Reverse sphincterotomy of the minor papilla via the major papilla for chronic pancreatitis with incomplete pancreas divisum
A 35-year-old man presented with recurrent abdominal pain due to chronic alcoholic pancreatitis. Magnetic resonance cholangiopancreatography showed a dilated tortuous main pancreatic duct with incomplete pancreas divisum.
Endoscopic retrograde cholangiopancreatography (ERCP) was carried out and the major papilla was cannulated with a cannulatome and 0.035-inch guidewire. After contrast opacification of the main pancreatic duct, when deep cannulation was attempted, the guidewire became coiled in the direction of the accessory duct ([Fig. 1]). Cannulation via the minor papilla was therefore tried, but it was unsuccessful. The cannulatome with the guidewire was then used for cannulation via the major papilla; the guidewire was negotiated into the minor pancreatic duct and through the minor papilla, followed by the cannulatome over the guidewire. Reverse sphincterotomy of the minor papilla was performed and the cannulatome and guidewire were removed ([Fig. 2], [Video 1]). This was followed by deep pancreatic duct cannulation via the minor papilla, which showed a dilated, tortuous duct with ectatic side-branches. A 7-Fr, 10-cm single-pigtail stent was deployed into the pancreatic duct across the minor papilla ([Fig. 3]). The patient improved symptomatically and was asymptomatic at the 6 month follow-up.
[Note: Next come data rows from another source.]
Lemma minimal_ideal_exists I : ideal br I -> I != 0%VS ->
  exists2 A, minimal_ideal br A & (A <= I)%VS.
Proof.
move=> idI nzI.
have [A sAI [[idA nzA] minA]] :=
  minimal_vspace_exists (P := fun B => ideal br B /\ B != 0%VS) (conj idI nzI).
exists A => //; split=> // B idB sBA.
by have [->|nzB] := eqVneq B 0%VS; [left | right; apply: minA].
Qed.

Lemma maximal_subalgebra_exists N : subalgebra br N -> N != fullv ->
  exists2 U, maximal_subalgebra br U & (N <= U)%VS.
Proof.
move=> saN nfN.
have [U sNU [[saU nfU] maxU]] :=
  maximal_vspace_exists (P := fun W => subalgebra br W /\ W != fullv) (conj saN nfN).
exists U => //; split=> // W saW sUW.
by have [->|nfW] := eqVneq W fullv; [right | left; apply: maxU].
Qed.

Lemma minimal_ideals_capv0 A B :
  minimal_ideal br A -> minimal_ideal br B -> A != B -> (A :&: B)%VS = 0%VS.
Proof.
move=> [idA nzA minA] [idB nzB minB] nAB.
have [//|AB_A] := minA _ (idealI idA idB) (capvSl _ _).
have sAB : (A <= B)%VS by rewrite -AB_A capvSr.
by have [A0|AB] := minB _ idA sAB; [rewrite A0 eqxx in nzA | rewrite AB eqxx in nAB].
Qed.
Fig. 1 Fluoroscopic image showing coiling of the guidewire in the direction of the accessory duct during cannulation for endoscopic retrograde cholangiopancreaticography in a 35-year-old man with incomplete pancreas divisum.
Fig. 2 Reverse sphincterotomy of the minor papilla.
Fig. 3 The pancreatic duct stent in situ: fluoroscopic image.
Minor papilla sphincterotomy is a routinely performed endoscopic therapy for pancreatitis associated with pancreas divisum. It was first described by Cotton in 1980 . Pancreas divisum is a common anatomical variant of the pancreatic duct. Warshaw et al. proposed its anatomical classification into three types: (i) classic pancreas divisum; (ii) pancreas divisum with an absent ventral duct; and (iii) incomplete or partial pancreas divisum (the least common type) . Endoscopic sphincterotomy of the minor papilla is an effective treatment in patients with pancreas divisum and various techniques have been described, for example standard pull-type, needle-knife, and wire-assisted access methods . Reverse sphincterotomy is a very rarely used sphincterotomy technique that can be used effectively to treat acute recurrent pancreatitis or chronic pancreatitis associated with partial pancreas divisum.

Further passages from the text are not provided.